Having pointed out the irrationality of the Quinn Bill, Finlayson then went further, to show how unjust it would play out in practice. The avowed purpose of the Bill is to deter serious offending. Yet under its provisions someone sentenced to home detention would still be able to vote, but someone sentenced to jail for the very same offence would be disenfranchised. Moreover, a serious violent offender sentenced to two and half years in jail would not lose their right to vote if their sentence fell – purely by chance – into the period between elections. Yet by the same token, someone sentenced to a week in jail for not paying their parking fines would lose their right to vote, if they were unlucky enough to be sentenced at the wrong point in the electoral cycle. Justice, to state the obvious, should not be reduced to such games of chance.

In essence, the Quinn Bill appears to be a petty and vengeful piece of legislation, one that was widely expected to fail once it was exposed to select committee scrutiny. Instead a centre right majority of National Party and Act MPs – including the now-disgraced David Garrett, and National’s Melissa Lee – has recommended that it be passed, yet wjthout these advocates bothering to include in the majority verdict any rationale for doing so.

Hidden in the majority verdict though, is this gem of illogic : “The Electoral Enrolment Centre has proposed working with the Department of Corrections to develop a national procedure to encourage prisoners to re-enrol upon release from prison.” Got that? The centre-right faction on the select committee wants officialdom to devise a new bureaucratic programme to re-register prisoners all over again, once they’re out of jail. First, they want to treat prisoners as non-persons and deny them the vote – and then want to set up a nationwide programme to re-ignite the same motivation that they’ve just gratuitously chosen to dampen. If there was a prize for political stupidity and bureaucratic proliferation in the first term of the current government, this Bill would have to be a prime contender. Prime Minister John Key clearly needs to take heed of the verdict of his Attorney – General, and advise the National caucus to vote against this measure.

As Sauve says, most prisoners do not weigh and balance the likely rights that they may lose when they commit a crime – and not even the thought of losing their right of liberty and freedom of movement usually comes into play. So, just as deterrence can only go so far to prevent crime, punishment also faces limits on what it can achieve before it reaches the point where it becomes self – defeating. Given the financial costs of prolonged imprisonment and the related costs of failed rehabilitation, society needs to strike the right balance. Separating due punishment from petty forms of societal revenge can help prisoners to recognise and accept their own responsibility for their condition, and can also assist in rehabilitation – a process in which society has an obvious and vital self-interest.

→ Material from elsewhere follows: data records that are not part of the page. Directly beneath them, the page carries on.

(* Let $p_1,\dots,p_k$ be mutually orthogonal primitive idempotents in a finite-dimensional formally real Jordan algebra $A$ with unit $u$. Then the restriction of $\exp_u\colon(A,\|\cdot\|_u)\to(A_+^\circ,d_T)$, $x\mapsto e^x$, to $\mathrm{Span}\{p_1,\dots,p_k\}$ is an isometry. Moreover, if $x,w\in\mathrm{Span}\{p_1,\dots,p_k\}$ with $\|w\|_u=1$, then $t\mapsto e^{tw+x}$, $t\in\mathbb{R}$, is a geodesic path in $(A_+^\circ,d_T)$, i.e. $d_T(e^{tw+x},e^{sw+x})=|t-s|$ for all $s,t\in\mathbb{R}$.
   Context: $A$: finite-dimensional real vector space with commutative bilinear product $\bullet$ satisfying $x^2\bullet(x\bullet y)=x\bullet(x^2\bullet y)$, formally real, with unit $u$. $A_+=\{x^2\}$, $A_+^\circ$ its interior, $x\le y$ iff $y-x\in A_+$. Idempotents $p,q$ are orthogonal if $p\bullet q=0$; spectral decomposition $x=\sum_i\lambda_ip_i$ over a Jordan frame, $\sigma(x)=\{\lambda_i\}$, $e^x=\sum_ie^{\lambda_i}p_i$. $\|x\|_u=\max\{|\lambda|:\lambda\in\sigma(x)\}$. For $x\in A$, $y\in A_+^\circ$, $M(x/y)=\inf\{\beta:x\le\beta y\}$; $d_T(x,y)=\max\{\log M(x/y),\log M(y/x)\}$ for $x,y\in A_+^\circ$ (equivalently $d_T(x,y)=\|\log U_{y^{-1/2}}x\|_u$, with $U_zv=2z\bullet(z\bullet v)-z^2\bullet v$). *)

From HB Require Import structures.
From mathcomp Require Import all_boot all_order all_algebra.
From mathcomp Require Import all_classical all_reals.
From mathcomp Require Import sequences exp.
Set Implicit Arguments. Unset Strict Implicit. Unset Printing Implicit Defensive.
Import Order.TTheory GRing.Theory Num.Theory.
Local Open Scope ring_scope.
Local Open Scope classical_set_scope.

Record FRJA (R : realType) (V : vectType R) := {
  jmul : V -> V -> V;
  jmul_linear : forall (a : R) (x1 x2 y : V),
      jmul (a *: x1 + x2) y = a *: jmul x1 y + jmul x2 y;
  jmulC : forall x y, jmul x y = jmul y x;
  jordan_id : forall x y,
      jmul (jmul x x) (jmul x y) = jmul x (jmul (jmul x x) y);
  formally_real : forall s : seq V,
      \sum_(x <- s) jmul x x = 0 -> all (fun x => x == 0) s;
  junit : V;
  junitP : forall x, jmul junit x = x
}.
Arguments FRJA : clear implicits.

Section JordanDefs.
Variables (R : realType) (V : vectType R) (A : FRJA R V).

Local Notation "x • y" := (jmul A x y) (at level 40).

Definition jle (x y : V) : Prop := exists z : V, y - x = z • z.

Definition jidempotent (p : V) : Prop := p • p = p.

Definition jorth (p q : V) : Prop := p • q = 0.

Definition jprimitive (p : V) : Prop :=
  [/\ jidempotent p, p <> 0 &
      ~ (exists q1 q2, [/\ jidempotent q1 /\ q1 <> 0, jidempotent q2 /\ q2 <> 0,
                          jorth q1 q2 & p = q1 + q2])].

Definition jordan_frame (r : nat) (c : 'I_r -> V) : Prop :=
  [/\ forall i, jprimitive (c i),
      forall i j, i != j -> jorth (c i) (c j)
    & \sum_i c i = junit A].

Definition spectral_dec (x : V) (r : nat) (c : 'I_r -> V) (lam : 'I_r -> R) :=
  jordan_frame c /\ x = \sum_i lam i *: c i.

Definition jspectrum (x : V) : set R :=
  [set l | exists r (c : 'I_r -> V) (lam : 'I_r -> R),
             spectral_dec x c lam /\ exists i, lam i = l].

Definition unorm (x : V) : R := sup [set `|l| | l in jspectrum x].

Definition jexp (x : V) : V :=
  xget 0 [set y | exists r (c : 'I_r -> V) (lam : 'I_r -> R),
                    spectral_dec x c lam /\ y = \sum_i expR (lam i) *: c i].

Definition Mxy (x y : V) : R := inf [set b : R | jle x (b *: y)].

Definition dT (x y : V) : R := Num.max (ln (Mxy x y)) (ln (Mxy y x)).

End JordanDefs.

From HB Require Import structures.
From mathcomp Require Import all_boot all_order all_algebra.
From mathcomp Require Import all_classical all_reals sequences exp.
From mathcomp Require Import complex ring lra zify.
Import Order.TTheory GRing.Theory Num.Theory.
Local Open Scope ring_scope.
Local Open Scope classical_set_scope.
Set Implicit Arguments. Unset Strict Implicit. Unset Printing Implicit Defensive.

(* Powers of an element z of a formally real Jordan algebra associate, so
   P |-> P(z) is a ring morphism on real polynomials.  Formal reality forces
   the minimal annihilating polynomial of z to split into distinct real linear
   factors, and Lagrange interpolation at its roots gives z = sum_i l_i c_i over
   a complete system of orthogonal idempotents; the l_i do not depend on the
   decomposition, so e^z and ||z||_u can be read off any one of them, and
   squares have nonnegative eigenvalues.  The p_i extend to a Jordan frame c
   (add u - sum_i p_i, then split non-primitive members), and for
   x = sum_i a_i c_i and y = sum_i b_i c_i we get e^x <= beta e^y iff
   beta >= e^(a_i - b_i) for all i, whence d_T(e^x, e^y) = max_i |a_i - b_i|
   = ||x - y||_u. *)

Lemma ord_argmax (R : realDomainType) n (f : 'I_n -> R) : (0 < n)%N ->
  exists j0, forall j, f j <= f j0.
Proof.
case: n f => // n f _; exists [arg max_(i > ord0) f i]%O.
by case: arg_maxP => // j _ fj j'; apply: fj.
Qed.

Lemma poly_interpolation (F : fieldType) (S : seq F) (f : F -> F) :
  exists P : {poly F}, {in S, forall x, P.[x] = f x}.
Proof.
elim: S => [|x S [P hP]]; first by exists 0.
have [xS|xS] := boolP (x \in S).
  by exists P => y; rewrite inE => /predU1P [->|]; apply: hP.
pose N := \prod_(y <- S) ('X - y%:P).
have Nx : N.[x] != 0.
  rewrite horner_prod prodf_seq_neq0; apply/allP => y yS /=.
  by rewrite hornerXsubC subr_eq0; apply: contraNneq xS => ->.
have NS y : y \in S -> N.[y] = 0.
  by move=> yS; rewrite horner_prod (big_rem y) //= hornerXsubC subrr mul0r.
exists (P + ((f x - P.[x]) / N.[x])%:P * N) => y; rewrite inE.
case/predU1P => [->|yS]; first by rewrite hornerD hornerM hornerC divfK // addrC subrK.
by rewrite hornerD hornerM hornerC (NS y yS) mulr0 addr0 hP.
Qed.

Lemma map_quadratic_complex (R : rcfType) (a b : R) :
  map_poly (real_complex R) (('X - a%:P) ^+ 2 + (b ^+ 2)%:P) =
  ('X - (a +i* b)%C%:P) * ('X - (a -i* b)%C%:P).
Proof.
rewrite rmorphD rmorphXn rmorphB /= map_polyX !map_polyC /= rmorphXn.
have -> : (a +i* b)%C = a%:C%C + 'i%C * b%:C%C by apply/eqP; rewrite eq_complex /=; simpc.
have -> : (a -i* b)%C = a%:C%C - 'i%C * b%:C%C by apply/eqP; rewrite eq_complex /=; simpc.
have i2 : ('i%C%:P : {poly R[i]}) ^+ 2 = -1 by rewrite -rmorphXn /= sqr_i polyCN.
rewrite !polyCD polyCN !polyCM.
transitivity (('X - (a%:C)%C%:P) ^+ 2 - ('i%C%:P) ^+ 2 * ((b%:C)%C%:P) ^+ 2); last by ring.
by rewrite i2 mulN1r opprK expr2.
Qed.

Lemma rcf_root_or_quadratic_dvd (R : rcfType) (q : {poly R}) : (1 < size q)%N ->
  (exists x, root q x) \/
  (exists a b : R, b != 0 /\ ('X - a%:P) ^+ 2 + (b ^+ 2)%:P %| q).
Proof.
move=> sq; pose f := real_complex R; set qc := map_poly f q.
have : size qc != 1%N by rewrite size_map_poly; case: (size q) sq => [|[]].
case/closed_rootP => w rw.
have [hb|hb] := eqVneq (complex.Im w) 0.
  left; exists (complex.Re w).
  have ew : w = f (complex.Re w) by case: w rw hb => a b /= _ ->.
  by move: rw; rewrite ew /root horner_map /= => /eqP [->].
right; exists (complex.Re w), (complex.Im w); split => //.
have rw' : root qc w^*%C.
  rewrite -complex_root_conj -map_poly_comp.
  by rewrite (eq_map_poly (g := f)) // => x /=; apply: conjc_real.
have uw : uniq_roots [:: w; w^*%C].
  rewrite uniq_rootsE /= inE andbT; move: hb; clear rw rw'; case: w => a b /= hb.
  apply/eqP => -[] /eqP; rewrite -subr_eq0 opprK -mulr2n mulrn_eq0 /=.
  by rewrite (negbTE hb).
have hall : all (root qc) [:: w; w^*%C] by rewrite /= rw rw'.
have [t ht] := uniq_roots_prod_XsubC hall uw.
rewrite -(dvdp_map f) -/qc ht dvdp_mull // !big_cons big_nil mulr1.
by case: (w) => a b /=; rewrite map_quadratic_complex.
Qed.

Section Polarization.
Variables (R : numFieldType) (U W : lmodType R) (F : U -> U -> U -> W).
Hypotheses
  (F_linl : forall a a' s b c, F (a + s *: a') b c = F a b c + s *: F a' b c)
  (F_linm : forall a b b' s c, F a (b + s *: b') c = F a b c + s *: F a b' c)
  (F_linr : forall a b c c' s, F a b (c + s *: c') = F a b c + s *: F a b c').

Lemma trilinear_expand x z s :
  F (x + s *: z) (x + s *: z) (x + s *: z) =
  F x x x + s *: (F z x x + F x z x + F x x z) +
  (s ^+ 2) *: (F x z z + F z x z + F z z x) + (s ^+ 3) *: F z z z.
Proof.
rewrite !(F_linl, F_linm, F_linr) !scalerDr !scalerA -!expr2 -!exprSr.
set a := F x x x; set b := F x x z; set c := F x z x; set d := F x z z.
set e := F z x x; set f := F z x z; set g := F z z x; set h := F z z z.
rewrite -!addrA; congr (_ + _).
rewrite (addrCA (s ^+ 2 *: d) (s *: e)) (addrCA (s *: c) (s *: e)).
by rewrite (addrCA (s *: b) (s *: e)) (addrCA (s *: b) (s *: c)).
Qed.

Lemma trilinear_polar : (forall w, F w w w = 0) ->
  forall x z, F z x x + F x z x + F x x z = 0.
Proof.
move=> F0 x z; have e1 := trilinear_expand x z 1; have e2 := trilinear_expand x z (-1).
rewrite !F0 expr1n !scale1r scaler0 add0r addr0 in e1.
rewrite !F0 sqrrN expr1n !scale1r scaler0 add0r addr0 scaleN1r in e2.
set D1 := F z x x + _ + _ in e1 e2 *; set D2 := F x z z + _ + _ in e1 e2.
clearbody D1 D2.
apply: (@scalerI _ _ 2); first by rewrite pnatr_eq0.
rewrite scaler0 scaler_nat mulr2n.
have -> : D1 + D1 = (D1 + D2) - (- D1 + D2).
  by rewrite opprD opprK addrACA subrr addr0.
by rewrite -e1 -e2 subr0.
Qed.

End Polarization.

Section JordanAlgebra.
Variables (R : realType) (V : vectType R) (A : FRJA R V).
Local Notation "x • y" := (jmul A x y) (at level 40).
Local Notation u := (junit A).

Lemma jmul0l y : 0 • y = 0.
Proof.
have := jmul_linear A 1 0 0 y; rewrite !scale1r addr0 => h.
by apply: (addrI (0 • y)); rewrite addr0 -h.
Qed.

Lemma jmulDl x1 x2 y : (x1 + x2) • y = x1 • y + x2 • y.
Proof. by have := jmul_linear A 1 x1 x2 y; rewrite !scale1r. Qed.

Lemma jmulZl a x y : (a *: x) • y = a *: (x • y).
Proof. by have := jmul_linear A a x 0 y; rewrite !addr0 jmul0l addr0. Qed.

Lemma jmulNl x y : (- x) • y = - (x • y).
Proof. by rewrite -scaleN1r jmulZl scaleN1r. Qed.

Lemma jmulBl x1 x2 y : (x1 - x2) • y = x1 • y - x2 • y.
Proof. by rewrite jmulDl jmulNl. Qed.

Lemma jmul0r y : y • 0 = 0.
Proof. by rewrite jmulC jmul0l. Qed.

Lemma jmulDr y x1 x2 : y • (x1 + x2) = y • x1 + y • x2.
Proof. by rewrite !(jmulC A y) jmulDl. Qed.

Lemma jmulZr a y x : y • (a *: x) = a *: (y • x).
Proof. by rewrite !(jmulC A y) jmulZl. Qed.

Lemma jmulNr y x : y • (- x) = - (y • x).
Proof. by rewrite !(jmulC A y) jmulNl. Qed.

Lemma jmulBr y x1 x2 : y • (x1 - x2) = y • x1 - y • x2.
Proof. by rewrite jmulDr jmulNr. Qed.

Lemma jmulMnr y x n : y • (x *+ n) = (y • x) *+ n.
Proof. by elim: n => [|n IH]; rewrite ?mulr0n ?jmul0r // !mulrS jmulDr IH. Qed.

Lemma jmul1l x : u • x = x. Proof. exact: junitP. Qed.

Lemma jmul1r x : x • u = x. Proof. by rewrite jmulC junitP. Qed.

Lemma jmul_suml I (r : seq I) (P : pred I) (F : I -> V) y :
  (\sum_(i <- r | P i) F i) • y = \sum_(i <- r | P i) F i • y.
Proof. exact: (big_morph (jmul A^~ y) (fun a b => jmulDl a b y) (jmul0l y)). Qed.

Lemma jmul_sumr I (r : seq I) (P : pred I) (F : I -> V) y :
  y • (\sum_(i <- r | P i) F i) = \sum_(i <- r | P i) y • F i.
Proof. exact: (big_morph (jmul A y) (jmulDr y) (jmul0r y)). Qed.

Lemma unit0_trivial : u = 0 -> forall v : V, v = 0.
Proof. by move=> u0 v; rewrite -(jmul1l v) u0 jmul0l. Qed.

Lemma jsqr_eq0 y : y • y = 0 -> y = 0.
Proof.
move=> h; have := @formally_real _ _ A [:: y].
by rewrite big_cons big_nil addr0 h => /(_ erefl) /andP [/eqP].
Qed.

Lemma jsqrD_eq0 y z : y • y + z • z = 0 -> y = 0 /\ z = 0.
Proof.
move=> h; have := @formally_real _ _ A [:: y; z].
by rewrite !big_cons big_nil addr0 h => /(_ erefl) /and3P [/eqP ? /eqP ?].
Qed.

(* [L_(a • b), L_c] y, which vanishes for a = b = c by the Jordan identity. *)
Definition jordan_form y a b c := (a • b) • (c • y) - c • ((a • b) • y).

Lemma jordan_form_polar y x z :
  jordan_form y z x x + jordan_form y x z x + jordan_form y x x z = 0.
Proof.
apply: (@trilinear_polar _ _ _ (jordan_form y)) => [a a' s b c|a b b' s c|a b c c' s|w].
- by rewrite /jordan_form !(jmulDl, jmulZl, jmulDr, jmulZr) scalerBr opprD addrACA.
- by rewrite /jordan_form !(jmulDl, jmulZl, jmulDr, jmulZr) scalerBr opprD addrACA.
- by rewrite /jordan_form !(jmulDl, jmulZl, jmulDr, jmulZr) scalerBr opprD addrACA.
- by rewrite /jordan_form jordan_id subrr.
Qed.

Lemma jordan_linearized x y w : w • ((x • x) • y) =
  ((x • w) • (x • y) - x • ((x • w) • y)) *+ 2 + (x • x) • (w • y).
Proof.
have := jordan_form_polar y x w; rewrite /jordan_form (jmulC A w x) -mulr2n.
by move=> /eqP; rewrite addrA subr_eq0 => /eqP <-.
Qed.

Lemma peirce_mul10 e a b : e • e = e -> e • a = a -> e • b = 0 -> a • b = 0.
Proof.
move=> ee ea eb.
have h1 := jordan_form_polar b e a.
rewrite /jordan_form (jmulC A a e) ea eb !jmul0r ee eb jmul0r in h1.
rewrite !sub0r subr0 addrNK in h1.
have h2 := jordan_form_polar a e b.
rewrite /jordan_form (jmulC A b e) eb !jmul0l !jmul0r ee ea in h2.
rewrite !subrr !add0r (jmulC A b a) in h2.
move/eqP: h2; rewrite subr_eq0 => /eqP <-.
by apply/eqP; rewrite -oppr_eq0 h1.
Qed.

Definition jpow z n := iter n (jmul A z) u.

It is not an easy road. The relationship between society and those it imprisons is one full of mutual mistrust – especially given that many prisoners, even when going in, already see themselves as outlaws and social rejects. As Sauve concludes, it is important to tell prisoners the truth : ‘What most prisoners hear is somebody goes out and screws up and comes back in. They hear all the negative stuff. They don’t hear – well, the guy screwed up, but it was his issues, it wasn’t that society was rejecting him. They don’t hear that you can make it back into society, that you can turn your life around and you can have a good life. You may be on parole for life, but if you don’t violate the conditions and don’t break the law, then you are going to stay in the community.”

In sum, if we want to motivate prisoners to go down that road and accept responsibility for their crimes, society may have to forego some of its own petty impulses for revenge. In New Zealand, those petty impulses are epitomized in black and white right now, within Paul Quinn’s private member’s Bill.